| Working data |
*****

Theorem lemma3p2
  (d : nat -> Cantor)
  (Hd_inj : forall m n, d m = d n -> m = n)
  (Hd_dense : forall C : clopen, (exists x, inC C x) -> exists n, inC C (d n))
  (K0 : Type) (Hcov : is_cov_E K0)
  (Cz : K0 -> nat -> clopen)
  (Cz_dec : forall a k x, inC (Cz a (S k)) x -> inC (Cz a k) x)
  (Cz_null : forall a, inE (fun x => forall k, inC (Cz a k) x))
  (Cz_cover : forall x, exists a, forall k, inC (Cz a k) x)
  (Kap : Type) (ltK : Kap -> Kap -> Prop)
  (Hord : initial_ordinal ltK) (Hkap : is_cof_countable K0 Kap)
  (z0 : Kap) (Hz0 : forall xi, ~ ltK xi z0)
  (IJ : Type) (Jf : IJ -> K0 -> Prop)
  (HJcof : cofinal_countable Jf) (HJsize : card_le IJ Kap /\ card_le Kap IJ)
  (Alg : Kap -> Sub -> Prop) (mu : Kap -> Sub -> R)
  (H0alg : forall X, Alg z0 X <-> A0_mem d X)
  (H0mu : forall (C : clopen) (F : Sub), finite F -> mu z0 (symdiff (trace d C) F) = lam C)
  (Hinc : forall xi eta, ltK xi eta -> forall X, Alg xi X -> Alg eta X)
  (Hi : forall xi, card_lt {X : Sub | Alg xi X} Kap)
  (Hii : forall xi, is_algebra (Alg xi) /\ fa_prob (Alg xi) (mu xi) /\
                    almost_strictly_positive (Alg xi) (mu xi))
  (Hiii : forall xi eta, ltK xi eta -> forall X, Alg xi X -> mu eta X = mu xi X)
  (Hiv : forall j : IJ, exists phi : K0 -> nat,
           (exists xi, Alg xi (Xphi d Cz (Jf j) phi)) /\
           infinite (fun n => ~ Xphi d Cz (Jf j) phi n)) :
  let A := fun X : Sub => exists xi, Alg xi X in
  (exists nu : Sub -> R, fa_prob A nu /\ almost_strictly_positive A nu) /\
  ~ sigma_centred_mod_fin A.
Proof.
  intro A.
  destruct Hord as [_ [_ [Htotal _]]].
  split.
  - exists (chain_mu Alg mu). split.
    + apply (chain_fa_prob ltK Alg mu Htotal Hinc Hiii z0); apply Hii.
    + apply (chain_almost_strictly_positive ltK mu Htotal Hiii). apply Hii.
  - apply (Xphi_not_sigma_centred (d := d) Cz_cover HJcof).
    intro j. destruct (Hiv j) as [phi [[xi HX] Hinf]].
    exists phi. split; [|exact Hinf].
    exists xi. apply (Hii xi), HX.
Qed.
Lemma antitri_sum : 2 * \sum_i \sum_j H i j = S * (S + 1).
Proof.
rewrite natr1 -natrM -sum_antitri_nat natrM natr_sum.
congr (_ * _); apply: eq_bigr => i _; rewrite natr_sum.
by apply: eq_bigr => j _; rewrite mxE.
Qed.

Lemma antitri_sum_sqr : \sum_i \sum_j H i j ^+ 2 = \sum_i \sum_j H i j.
Proof.
apply: eq_bigr => i _; apply: eq_bigr => j _.
by rewrite mxE; case: (i + j < s)%N; rewrite ?expr1n ?expr0n.
Qed.

Lemma antitri_sym : H^T = H.
Proof. by apply/matrixP => i j; rewrite !mxE addnC. Qed.

End BandBlocks.

Section BandSpectrum.
Variables (R : numFieldType) (s : nat).
Local Notation H := (antitri_mx R s).
Local Notation A := (band_block R s).
Local Notation T := (band_basis R s).

Lemma band_basis_unit : T \in unitmx.
Proof.
pose E := exchange_mx R s.
have T2 : block_mx 1%:M E 1%:M (- E) *m T = 2%:M.
  rewrite mulmx_block !(mulmx1, mulmxN, mulNmx, opprK) exchange_mxK subrr.
  by rewrite [RHS]scalar_mx_block -raddfD.
have : (2^-1 *: block_mx 1%:M E 1%:M (- E)) *m T = 1%:M.
  by rewrite -scalemxAl T2 scale_scalar_mx mulVf // pnatr_eq0.
by case/mulmx1_unit.
Qed.

Lemma char_band_block :
  char_poly A = char_poly (const_mx 2 - H) * char_poly H.
Proof.
rewrite (char_poly_intertwine band_basis_unit (band_block_basis R s)).
by rewrite /char_poly char_block_diag_mx det_ublock.
Qed.

Lemma char_coband_block :
  char_poly (const_mx 1 - A) = char_poly H * char_poly (- H).
Proof.
rewrite (char_poly_intertwine band_basis_unit (coband_block_basis R s)).
by rewrite /char_poly char_block_diag_mx det_ublock.
Qed.

Lemma band_block_eigenvector (x : 'cV[R]_s) l : x != 0 -> H *m x = l *: x ->
  exists v : 'cV_(s + s), [/\ v != 0, A *m v = l *: v & (const_mx 1 - A) *m v = - l *: v].
Proof.
move=> x_neq0 Hx; exists (T *m col_mx 0 x); split.
- apply: contraNneq x_neq0 => /(congr1 (mulmx (invmx T))).
  by rewrite mulKmx ?band_basis_unit // mulmx0 => /eqP; rewrite col_mx_eq0 => /andP[].
- rewrite mulmxA band_block_basis -mulmxA mul_block_col !(mul0mx, mulmx0, addr0, add0r).
  by rewrite Hx scalemxAr scale_col_mx scaler0.
- rewrite mulmxA coband_block_basis -mulmxA mul_block_col !(mul0mx, mulmx0, addr0, add0r).
  by rewrite mulNmx Hx scalemxAr scale_col_mx scaler0 scaleNr.
Qed.

End BandSpectrum.

Section AntitriSpectrum.
Variables (R : rcfType) (s : nat).
Hypothesis s_gt0 : (0 < s)%N.
Local Notation H := (antitri_mx R s).
Local Notation K := (const_mx 2 - antitri_mx R s).
Local Notation S := (s%:R : R).

Let S_gt0 : 0 < S. Proof. by rewrite ltr0n. Qed.

Lemma antitri_eigen_bounds hl : char_poly H = \prod_(h <- hl) ('X - h%:P) ->
  (exists2 h, h \in hl & S + 1 <= 2 * h) /\ 2 * \sum_(h <- hl) h ^+ 2 = S * (S + 1).
Proof.
move=> charH; rewrite (realsym_sum_sqr_eigen (antitri_sym R s) charH) antitri_sum_sqr.
split; last exact: antitri_sum.
have [h h_in h_ge] := realsym_eigen_ge_mean (antitri_sym R s) charH s_gt0.
by exists h => //; rewrite -(ler_pM2l S_gt0) -antitri_sum mulrCA ler_pM2l.
Qed.

Lemma const2_sub_antitri_eigen_bounds ks : char_poly K = \prod_(k <- ks) ('X - k%:P) ->
  (exists2 k, k \in ks & 3 * S - 1 <= 2 * k) /\
  2 * \sum_(k <- ks) k ^+ 2 = 5 * S ^+ 2 - 3 * S.
Proof.
move=> charK; have K_sym : K^T = K by rewrite linearB /= trmx_const antitri_sym.
have H_sum := antitri_sum R s.
rewrite (realsym_sum_sqr_eigen K_sym charK) sum_sqr_const_sub_mx antitri_sum_sqr.
split; last by nra.
have [k k_in k_ge] := realsym_eigen_ge_mean K_sym charK s_gt0.
exists k => //; rewrite sum_const_sub_mx in k_ge.
by rewrite -(ler_pM2l S_gt0); nra.
Qed.

Lemma antitri_spectral_gap ks hl : (1 < s)%N ->
  char_poly K = \prod_(k <- ks) ('X - k%:P) -> char_poly H = \prod_(h <- hl) ('X - h%:P) ->
  exists k0 y, [/\ k0 \in ks, y \in hl, forall h, h \in hl -> `|h| <= `|y|,
    forall k, k \in rem k0 ks -> `|k| < `|y| & `|y| < `|k0|].
Proof.
move=> s_gt1 charK charH.
have [[k0 k0_in k0_ge] sum_ks] := const2_sub_antitri_eigen_bounds charK.
have [[h0 h0_in h0_ge] sum_hl] := antitri_eigen_bounds charH.
have [y y_in y_max] : exists2 y, y \in hl & forall h, h \in hl -> `|h| <= `|y|.
  by apply: exists_max_seq; rewrite -size_eq0 (size_char_poly_roots charH) -lt0n.
have S_ge2 : 2 <= S by rewrite ler_nat.
have y_ge : S + 1 <= 2 * `|y|.
  by rewrite (le_trans h0_ge) // ler_pM2l // (le_trans (ler_norm h0)) ?y_max.
have y_le : 2 * `|y| ^+ 2 <= S * (S + 1).
  by rewrite real_normK ?num_real // -sum_hl ler_pM2l ?sqr_le_sum_sqr.
exists k0, y; split => // [k /(sqrD_le_sum_sqr k0_in) | ].
  by rewrite -(real_normK (num_real k)); nra.
by rewrite (@ger0_norm _ k0); nra.
Qed.

Lemma antitri1_spectrum ks hl : s = 1%N ->
  char_poly K = \prod_(k <- ks) ('X - k%:P) -> char_poly H = \prod_(h <- hl) ('X - h%:P) ->
  ks = [:: 1] /\ hl = [:: 1].
Proof.
move=> s1 charK charH; have S1 : S = 1 by rewrite s1.
have [[k0 k0_in k0_ge] sum_ks] := const2_sub_antitri_eigen_bounds charK.
have [[h0 h0_in h0_ge] sum_hl] := antitri_eigen_bounds charH.
have singleton (l : seq R) x : size l = 1%N -> x \in l -> l = [:: x].
  by case: l => [|a [|]] // _; rewrite inE => /eqP ->.
have k0_1 : k0 = 1 by have := sqr_le_sum_sqr k0_in; nra.
have h0_1 : h0 = 1 by have := sqr_le_sum_sqr h0_in; nra.
split; [rewrite -k0_1 | rewrite -h0_1]; apply: singleton => //.
  by rewrite (size_char_poly_roots charK) s1.
by rewrite (size_char_poly_roots charH) s1.
Qed.

Lemma band_block_second_eigen lam : size lam = (s + s)%N ->
  char_poly (band_block R s) = \prod_(x <- lam) ('X - x%:P) ->
  sorted (fun x y => `|y| <= `|x|) lam ->
  exists2 hl, char_poly H = \prod_(h <- hl) ('X - h%:P) &
    lam`_1 \in hl /\ forall h, h \in hl -> `|h| <= `|lam`_1|.
Proof.
move=> size_lam charA lam_sorted; rewrite char_band_block in charA.
have [ks [hl [charK charH lam_perm]]] :=
  split_mul_monic (char_poly_monic _) (char_poly_monic _) charA.
exists hl => //; have [s_gt1 | s_le1] := ltnP 1 s.
  have [k0 [y [k0_in y_in y_max k_lt_y y_lt_k0]]] := antitri_spectral_gap s_gt1 charK charH.
  have lam_perm' : perm_eq lam (k0 :: (rem k0 ks ++ hl)).
    by rewrite (permPl lam_perm) -cat_cons perm_cat2r perm_to_rem.
  have [] := abs_sorted_nth1 lam_sorted lam_perm' y_lt_k0.
  - by move=> z; rewrite mem_cat => /orP[/k_lt_y/ltW | /y_max].
  - by exists y; rewrite // mem_cat y_in orbT.
  rewrite mem_cat => /orP[/k_lt_y lam1_lt lam1_eq | lam1_in ->]; last by split.
  by rewrite lam1_eq ltxx in lam1_lt.
(* For s = 1 there is no gap: both blocks are the 1 x 1 identity. *)
have s1 : s = 1%N by apply/anti_leq; rewrite s_le1.
have [ks1 hl1] := antitri1_spectrum s1 charK charH.
have : lam`_1 \in ks ++ hl by rewrite -(perm_mem lam_perm) mem_nth // size_lam s1.
rewrite ks1 hl1 mem_cat orbb mem_seq1 => /eqP ->.
by split => // h; rewrite mem_seq1 => /eqP ->.
Qed.
End AntitriSpectrum.

(* lam`_1 is lambda_2(A), gam`_1 is gamma_2 (0-based sequence indexing). *)
Theorem theorem9 (R : rcfType) (s : nat) (hs : (1 <= s)%N)
    (lam : seq R) (hlam : abs_ordered_eigenvalues (bandA R s) lam) :
  exists gam : seq R,
    [/\ abs_ordered_eigenvalues (bandB R s) gam,
        `|lam`_1| = `|gam`_1|
      & exists v : 'cV[R]_(s.*2),
          [/\ v != 0, bandA R s *m v = lam`_1 *: v
            & bandB R s *m v = gam`_1 *: v]].
Proof.
move: lam hlam; rewrite /abs_ordered_eigenvalues /bandB /bandA -addnn band_blockE.
move=> lam [size_lam charA lam_sorted].
have [hl charH [lam1_in lam1_max]] := band_block_second_eigen hs size_lam charA lam_sorted.
have [gam [gam_perm gam_sorted gam1]] := abs_sorted_opp_pair lam1_in lam1_max.
have /eigenvalueP[u Hu u_neq0] : eigenvalue (antitri_mx R s) lam`_1.
  by rewrite eigenvalue_root_char charH root_prod_XsubC.
have Hx : antitri_mx R s *m u^T = lam`_1 *: u^T.
  by rewrite -[X in X *m _]antitri_sym -trmx_mul Hu linearZ.
have [|v [v_neq0 Av Bv]] := band_block_eigenvector _ Hx; first by rewrite trmx_eq0.
exists gam; split.
- split => //.
    by rewrite (perm_size gam_perm) size_cat size_map (size_char_poly_roots charH).
  by rewrite char_coband_block (char_poly_opp charH) charH (perm_big _ gam_perm) big_cat.
- by rewrite gam1 normrN.
- by exists v; rewrite gam1.
Qed.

*****

Go through the listing above and write out exactly the lines starting with the one holding "intro j. destruct" and running through the one holding "Variables (R : numFieldType) (s : nat).", ends included, and no others.

| Finished exercise |
    intro j. destruct (Hiv j) as [phi [[xi HX] Hinf]].
    exists phi. split; [|exact Hinf].
    exists xi. apply (Hii xi), HX.
Qed.
Lemma antitri_sum : 2 * \sum_i \sum_j H i j = S * (S + 1).
Proof.
rewrite natr1 -natrM -sum_antitri_nat natrM natr_sum.
congr (_ * _); apply: eq_bigr => i _; rewrite natr_sum.
by apply: eq_bigr => j _; rewrite mxE.
Qed.

Lemma antitri_sum_sqr : \sum_i \sum_j H i j ^+ 2 = \sum_i \sum_j H i j.
Proof.
apply: eq_bigr => i _; apply: eq_bigr => j _.
by rewrite mxE; case: (i + j < s)%N; rewrite ?expr1n ?expr0n.
Qed.

Lemma antitri_sym : H^T = H.
Proof. by apply/matrixP => i j; rewrite !mxE addnC. Qed.

End BandBlocks.

Section BandSpectrum.
Variables (R : numFieldType) (s : nat).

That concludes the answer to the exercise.